[Opening Supplied material section]

(* For every infinite set $\Lambda\subseteq\mathbb{N}$ there exists an increasing sequence $(N_t)_{t\ge0}$ of elements of $\Lambda$ such that for all $n\ge0$, $c\in\{0,1\}$ and $k\in\mathbb{Z}$: (1) the limit $\mu_n(c,k)=\lim_{t\to\infty}\dfrac{C_n\big(c,k,(2/3)^nN_t\big)}{(2/3)^nN_t}$ exists; (2) $\mu_n(c,k+2^n)=\mu_n(c,k)$; (3) letting $q_n$ be an integer with $3q_n\equiv1\pmod{2^{n+1}}$, \[ \tfrac32\,\mu_n(c,k)=\mu_{n+1}(c,2q_nk)+\mu_{n+1}(\bar c,2q_nk-q_n)+\mu_{n+1}(c,2q_nk-2q_n), \] where $\bar c=1-c$; (4) $\mu_n(0,k)+\mu_n(1,k)=2^{-n}$.
   Context: The Thue--Morse word in base $3/2$ is the unique binary sequence $\mathbf{t}_{3/2}=(t_i)_{i\ge0}$ with $t_0=0$, $t_{3n}=t_{3n+1}=t_{2n}$ and $t_{3n+2}=1-t_{2n+1}$ for all $n\ge0$ (equivalently, $t_i$ is the digit sum modulo $2$ of the base-$3/2$ expansion of $i$). For $n\ge0$, $c\in\{0,1\}$, $k\in\mathbb{Z}$ and a real number $\alpha\ge0$, $C_n(c,k,\alpha)=\#\{i\in\mathbb{Z}: 0\le i<\alpha,\ t_i=c,\ i\equiv k\pmod{2^n}\}$. *)

From HB Require Import structures.
From mathcomp Require Import all_boot all_order all_algebra.
From mathcomp Require Import all_classical all_reals all_analysis.
Set Implicit Arguments. Unset Strict Implicit. Unset Printing Implicit Defensive.
Import Order.TTheory GRing.Theory Num.Theory.
Local Open Scope ring_scope.

(* Thue--Morse word in base 3/2, bits as booleans (false = 0, true = 1):
   t_0 = 0, t_{3n} = t_{3n+1} = t_{2n}, t_{3n+2} = 1 - t_{2n+1}.
   Computed with fuel; for i >= 1 the recursive index is < i, so fuel i.+1
   suffices. *)
Fixpoint tm_aux (fuel i : nat) : bool :=
  match fuel with
  | 0 => false
  | f.+1 =>
    if i == 0%N then false
    else if (i %% 3 == 2)%N then ~~ tm_aux f (2 * (i %/ 3)).+1
    else tm_aux f (2 * (i %/ 3))
  end.

Definition tm (i : nat) : bool := tm_aux i.+1 i.

(* C_n(c,k,alpha) = #{ i in Z : 0 <= i < alpha, t_i = c, i = k mod 2^n }.
   Integers 0 <= i < alpha all lie in [0, truncn alpha], so we count there. *)
Definition Ccount {R : realType} (n : nat) (c : bool) (k : int) (alpha : R) : nat :=
  count (fun i : nat => [&& (i%:R < alpha), tm i == c &
                            (i%:Z == k %[mod (2 ^ n)%:Z])%Z])
        (iota 0 (Num.truncn alpha).+1).

(* Write a = (2/3)^n N and fix q with 3q = 1 mod 2^{n+1}.  The integers
   below a come in blocks {3m, 3m+1, 3m+2}, matching the pairs {2m, 2m+1}
   below 2a/3: t_{3m} = t_{3m+1} = t_{2m}, t_{3m+2} = 1 - t_{2m+1}, and
   multiplying by 2q shows that 3m + r = k mod 2^n iff 2m = 2q(k - r) mod
   2^{n+1}.  Up to the incomplete last blocks this gives
     C_n(c,k,a) = C_{n+1}(c,2qk,2a/3) + C_{n+1}(1-c,2qk-q,2a/3)
                  + C_{n+1}(c,2qk-2q,2a/3) + O(1),
   and, counting a residue class modulo 2^n, C_n(0,k,a) + C_n(1,k,a) =
   a/2^n + O(1).  The ratios C_n(c,k,a)/a are bounded, so a diagonal
   Bolzano-Weierstrass extraction from an increasing enumeration of Lambda
   makes all of them (countably many) converge at once; dividing the O(1)
   errors by a, which tends to infinity, gives (3) and (4), while (2) already
   holds for the counts. *)

From HB Require Import structures.
From mathcomp Require Import all_boot all_order all_algebra.
From mathcomp Require Import all_classical all_reals all_analysis.
From mathcomp Require Import zify ring lra.
Import Order.TTheory GRing.Theory Num.Theory.
Import numFieldNormedType.Exports.
Local Open Scope ring_scope.
Local Open Scope classical_set_scope.

Lemma bounded_fun_ex_le {R : realType} {T : Type} (f : T -> R) :
  (exists M, forall x, `|f x| <= M) -> bounded_fun f.
Proof.
case=> M f_le; rewrite /bounded_fun /bounded_near /=; near=> M' => x _.
by rewrite (le_trans (f_le x)) //; near: M'; apply: nbhs_pinfty_ge; rewrite num_real.
Unshelve. all: end_near. Qed.

Lemma bounded_fun_comp {R : realType} {T U : Type} (g : T -> U) {f : U -> R} :
  bounded_fun f -> bounded_fun (f \o g).
Proof. by move=> [M [M_real f_le]]; exists M; split => // M' /f_le + x _; apply. Qed.

Lemma increasing_seq_geq {f : nat -> nat} : increasing_seq f -> forall n, (n <= f n)%N.
Proof.
by move=> f_incr; elim=> // n IH; apply: leq_ltn_trans IH ((increasing_seqP f).2 f_incr n).
Qed.

Lemma increasing_seq_comp (f g : nat -> nat) :
  increasing_seq f -> increasing_seq g -> increasing_seq (f \o g).
Proof. by move=> f_incr g_incr m n; apply: etrans (f_incr _ _) (g_incr _ _). Qed.

Lemma cvg_near_subseq {T : topologicalType} (u v : nat -> T) (l : T) :
  (\forall t \near \oo, exists2 s, (t <= s)%N & v t = u s) ->
  u @ \oo --> l -> v @ \oo --> l.
Proof.
move=> v_sub u_l A /u_l [M _ uA].
apply: filterS2 v_sub (nbhs_infty_ge M) => t [s le_ts v_t] le_Mt.
by rewrite /= v_t; apply: uA; exact: leq_trans le_ts.
Qed.

Section diagonal_extraction.
Context {R : realType} (u : nat -> nat -> R).
Variable F : nat -> (nat -> nat) -> nat -> nat.
Hypothesis F_incr : forall j S, increasing_seq (F j S).
Hypothesis F_cvg : forall j S, cvgn (u j \o S \o F j S).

[Closing Supplied material section]

* Your assignment
Find the string "there" in the entries above. Copy each line where it occurs.

* Task solution
(* For every infinite set $\Lambda\subseteq\mathbb{N}$ there exists an increasing sequence $(N_t)_{t\ge0}$ of elements of $\Lambda$ such that for all $n\ge0$, $c\in\{0,1\}$ and $k\in\mathbb{Z}$: (1) the limit $\mu_n(c,k)=\lim_{t\to\infty}\dfrac{C_n\big(c,k,(2/3)^nN_t\big)}{(2/3)^nN_t}$ exists; (2) $\mu_n(c,k+2^n)=\mu_n(c,k)$; (3) letting $q_n$ be an integer with $3q_n\equiv1\pmod{2^{n+1}}$, \[ \tfrac32\,\mu_n(c,k)=\mu_{n+1}(c,2q_nk)+\mu_{n+1}(\bar c,2q_nk-q_n)+\mu_{n+1}(c,2q_nk-2q_n), \] where $\bar c=1-c$; (4) $\mu_n(0,k)+\mu_n(1,k)=2^{-n}$.
   Integers 0 <= i < alpha all lie in [0, truncn alpha], so we count there. *)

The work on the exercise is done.